WORK REQUIRED: Will you return, word for word, only the lines from the top of the data below down to and including the one with "forall (m : nat) (t : 'I_m -> int) (h"?

PROVIDED INFORMATION:
(* Let $\{e_n\}_{n\in\mathbb{Z}}$ be i.i.d. real random variables whose common distribution has a continuous, bounded, strictly positive density on $\mathbb{R}$. Let $q,d\ge1$ be integers and $r,\mu_1,\mu_2,\phi_1,\dots,\phi_q,\psi_1,\dots,\psi_q\in\mathbb{R}$, and let $\{y_n\}_{n\in\mathbb{Z}}$ be the unique strictly stationary solution of $$y_n=\begin{cases}\mu_1+e_n+\sum_{i=1}^q\phi_ie_{n-i}, & \text{if } y_{n-d}\le r,\\ \mu_2+e_n+\sum_{i=1}^q\psi_ie_{n-i}, & \text{if } y_{n-d}>r.\end{cases}$$ Then there exists $\rho\in(0,1)$ such that for all $u,v\in\mathbb{R}$, $$\big|\mathbb{P}(y_0\le u,\ y_k\le v)-\mathbb{P}(y_0\le u)\,\mathbb{P}(y_k\le v)\big|=O(\rho^k)\quad\text{as } k\to\infty.$$
   Context: A solution means a process on the same probability space as $\{e_n\}$ satisfying the equation almost surely for every $n$. Under the density assumption, with $a_n=\mu_2+e_n+\sum_{i=1}^q\psi_ie_{n-i}$ and $b_n=\mu_1+e_n+\sum_{i=1}^q\phi_ie_{n-i}$, one has $\mathbb{P}(a_n\le r, b_n\le r)+\mathbb{P}(a_n>r,b_n>r)\neq0$, so a unique strictly stationary ergodic solution exists. *)

From HB Require Import structures.
From mathcomp Require Import all_boot all_order all_algebra.
From mathcomp Require Import all_classical all_reals all_analysis.
Set Implicit Arguments. Unset Strict Implicit. Unset Printing Implicit Defensive.
Import Order.TTheory GRing.Theory Num.Theory.
Local Open Scope classical_set_scope.
Local Open Scope ring_scope.

Section Defs.
Context {d0 : measure_display} {T : measurableType d0} {R : realType}.
Variable P : probability T R.

Definition mutually_independent (X : int -> T -> R) : Prop :=
  forall (m : nat) (t : 'I_m -> int), injective t ->
  forall A : 'I_m -> set R, (forall i, measurable (A i)) ->
  P [set w | forall i : 'I_m, A i (X (t i) w)] =
  (\prod_(i < m) P (X (t i) @^-1` A i))%E.

(* Strict stationarity: every finite-dimensional distribution is shift
   invariant (stated on measurable rectangles, which determine the law). *)
Definition strictly_stationary (X : int -> T -> R) : Prop :=
  forall (m : nat) (t : 'I_m -> int) (h : int) (A : 'I_m -> set R),
  (forall i, measurable (A i)) ->
  P [set w | forall i : 'I_m, A i (X (t i + h) w)] =
  P [set w | forall i : 'I_m, A i (X (t i) w)].

Definition has_density (X : T -> R) (f : R -> R) : Prop :=
  forall A : set R, measurable A ->
  P (X @^-1` A) = (\int[lebesgue_measure]_(x in A) (f x)%:E)%E.

Definition tma_rhs (e : int -> T -> R) (q d : nat) (r mu1 mu2 : R)
  (phi psi : 'I_q -> R) (y : int -> T -> R) (n : int) (w : T) : R :=
  if y (n - d%:Z) w <= r
  then mu1 + e n w + \sum_(i < q) phi i * e (n - (i.+1)%:Z) w
  else mu2 + e n w + \sum_(i < q) psi i * e (n - (i.+1)%:Z) w.

End Defs.

From HB Require Import structures.
From mathcomp Require Import all_boot all_order all_algebra.
From mathcomp Require Import all_classical all_reals all_analysis.
From mathcomp Require Import ring lra zify.
Import Order.TTheory GRing.Theory Num.Theory numFieldNormedType.Exports.
Local Open Scope classical_set_scope.
Local Open Scope ring_scope.

(* Call t a reset time when e_t lies below a fixed level and e_{t-1}, ...,
   e_{t-q} lie in [-1, 1]: then both moving-average branches are <= r, so
   y_t <= r whatever y_{t-d} was.  By positivity of the density a reset has a
   fixed probability p > 0.  Following the chain t - d, t - 2d, ... back to the
   most recent reset, the regime of y_t is a function of the noise since that
   reset; hence, off an event of probability (1-p)^N (no reset among N
   disjoint windows), y_t is a function of the noise on a window of length
   about N (q+1) d before t.  For N ~ k / ((q+1) d) the approximations of
   y_0 and y_k depend on disjoint blocks of the i.i.d. noise and are
   independent, which gives the geometric rate. *)

Section IndependenceExtension.
Context {d0 : measure_display} {T : measurableType d0} {R : realType}.
Variable P : probability T R.

Lemma probability_fineK {A : set T} : measurable A -> P A = (fine (P A))%:E.
Proof. by move=> mA; rewrite fineK // fin_num_measure. Qed.

Lemma indep_setC (S Y : set T) : measurable S -> measurable Y ->
  P (S `&` Y) = (P S * P Y)%E -> P (~` S `&` Y) = (P (~` S) * P Y)%E.
Proof.
move=> mS mY HS.
rewrite probability_setC //.
rewrite (_ : ~` S `&` Y = Y `\` (Y `&` S)); last first.
  apply/seteqP; split => w /=; first by move=> [nS Yw]; split => // -[].
  by move=> [Yw H]; split => // Sw; apply: H.
rewrite measureD //; last 2 first.
- exact: measurableI.
- by apply: le_lt_trans (probability_le1 _ mY) _; rewrite ltry.
rewrite setIA setIid.
change (P Y - P (Y `&` S) = (1 - P S) * P Y)%E.
rewrite (setIC Y S) HS (probability_fineK mS) (probability_fineK mY).
by rewrite -!EFinM -!EFinB; congr EFin; ring.
Qed.

Lemma indep_bigcup (F : (set T)^nat) (Y : set T) :
  (forall k, measurable (F k)) -> measurable Y -> trivIset setT F ->
  (forall k, P (F k `&` Y) = (P (F k) * P Y)%E) ->
  P (\bigcup_k F k `&` Y) = (P (\bigcup_k F k) * P Y)%E.
Proof.
move=> mF mY tF HF.
rewrite setI_bigcupl !measure_bigcup //; last 2 first.
- by move=> k _; apply: measurableI.
- exact: trivIset_setIr.
rewrite (probability_fineK mY) muleC -nneseriesZl; last by move=> i _.
apply: eq_eseriesr => k _.
transitivity (P (F k) * P Y)%E; first exact: HF.
by rewrite muleC -(probability_fineK mY).
Qed.

Lemma indep_smallest_sigma (G : set (set T)) (Y : set T) :
  G `<=` measurable -> setI_closed G -> measurable Y ->
  (forall X, G X -> P (X `&` Y) = (P X * P Y)%E) ->
  forall X, <<s G >> X -> P (X `&` Y) = (P X * P Y)%E.
Proof.
move=> GM GI mY HG.
have sGM : <<s G >> `<=` measurable.
  exact: smallest_sub (sigma_algebra_measurable T) GM.
have mE : @measurable _ (g_sigma_algebraType G) = <<s G >> by [].
move=> X HX.
refine (@dynkin_induction _ (g_sigma_algebraType G) G
  (fun X => P (X `&` Y) = (P X * P Y)%E) mE GI _ HG _ _ X HX).
- by rewrite setTI probability_setT mul1e.
- by move=> S mS HS; apply: indep_setC => //; apply: sGM.
- by move=> F mF tF HF; exact: indep_bigcup (fun k => sGM _ (mF k)) mY tF HF.
Qed.

End IndependenceExtension.

Section NoiseCylinders.
Context {d0 : measure_display} {T : measurableType d0} {R : realType}.
Variable P : probability T R.
Variable e : int -> T -> R.
Hypothesis me : forall n, measurable_fun setT (e n).
Hypothesis ind : mutually_independent P e.

Definition cylinder (s : seq int) (A : int -> set R) : set T :=
  [set w | forall i, i \in s -> A i (e i w)].

Definition cylinders (S : set int) : set (set T) :=
  [set X | exists s A, (forall i, i \in s -> S i) /\
     (forall i, measurable (A i)) /\ X = cylinder s A].

Definition noise_sigma (S : set int) := <<s cylinders S >>.

Lemma cylinder_cons i s A : cylinder (i :: s) A = e i @^-1` A i `&` cylinder s A.
Proof.
apply/seteqP; split => w /=.
  move=> H; split; first by apply: H; rewrite inE eqxx.
  by move=> j js; apply: H; rewrite inE js orbT.
by move=> [H1 H2] j; rewrite inE => /orP[/eqP->//|]; apply: H2.
Qed.

Lemma measurable_cylinder s A : (forall i, measurable (A i)) ->
  measurable (cylinder s A).
Proof.
move=> mA; elim: s => [|i s IH].
  by rewrite (_ : cylinder [::] A = setT) //; apply/seteqP; split => w //= _ j.
rewrite cylinder_cons; apply: measurableI => //.
by rewrite -(setTI (_ @^-1` _)); apply: me.
Qed.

SOLUTION:
(* Let $\{e_n\}_{n\in\mathbb{Z}}$ be i.i.d. real random variables whose common distribution has a continuous, bounded, strictly positive density on $\mathbb{R}$. Let $q,d\ge1$ be integers and $r,\mu_1,\mu_2,\phi_1,\dots,\phi_q,\psi_1,\dots,\psi_q\in\mathbb{R}$, and let $\{y_n\}_{n\in\mathbb{Z}}$ be the unique strictly stationary solution of $$y_n=\begin{cases}\mu_1+e_n+\sum_{i=1}^q\phi_ie_{n-i}, & \text{if } y_{n-d}\le r,\\ \mu_2+e_n+\sum_{i=1}^q\psi_ie_{n-i}, & \text{if } y_{n-d}>r.\end{cases}$$ Then there exists $\rho\in(0,1)$ such that for all $u,v\in\mathbb{R}$, $$\big|\mathbb{P}(y_0\le u,\ y_k\le v)-\mathbb{P}(y_0\le u)\,\mathbb{P}(y_k\le v)\big|=O(\rho^k)\quad\text{as } k\to\infty.$$
   Context: A solution means a process on the same probability space as $\{e_n\}$ satisfying the equation almost surely for every $n$. Under the density assumption, with $a_n=\mu_2+e_n+\sum_{i=1}^q\psi_ie_{n-i}$ and $b_n=\mu_1+e_n+\sum_{i=1}^q\phi_ie_{n-i}$, one has $\mathbb{P}(a_n\le r, b_n\le r)+\mathbb{P}(a_n>r,b_n>r)\neq0$, so a unique strictly stationary ergodic solution exists. *)

From HB Require Import structures.
From mathcomp Require Import all_boot all_order all_algebra.
From mathcomp Require Import all_classical all_reals all_analysis.
Set Implicit Arguments. Unset Strict Implicit. Unset Printing Implicit Defensive.
Import Order.TTheory GRing.Theory Num.Theory.
Local Open Scope classical_set_scope.
Local Open Scope ring_scope.

Section Defs.
Context {d0 : measure_display} {T : measurableType d0} {R : realType}.
Variable P : probability T R.

Definition mutually_independent (X : int -> T -> R) : Prop :=
  forall (m : nat) (t : 'I_m -> int), injective t ->
  forall A : 'I_m -> set R, (forall i, measurable (A i)) ->
  P [set w | forall i : 'I_m, A i (X (t i) w)] =
  (\prod_(i < m) P (X (t i) @^-1` A i))%E.

(* Strict stationarity: every finite-dimensional distribution is shift
   invariant (stated on measurable rectangles, which determine the law). *)
Definition strictly_stationary (X : int -> T -> R) : Prop :=
  forall (m : nat) (t : 'I_m -> int) (h : int) (A : 'I_m -> set R),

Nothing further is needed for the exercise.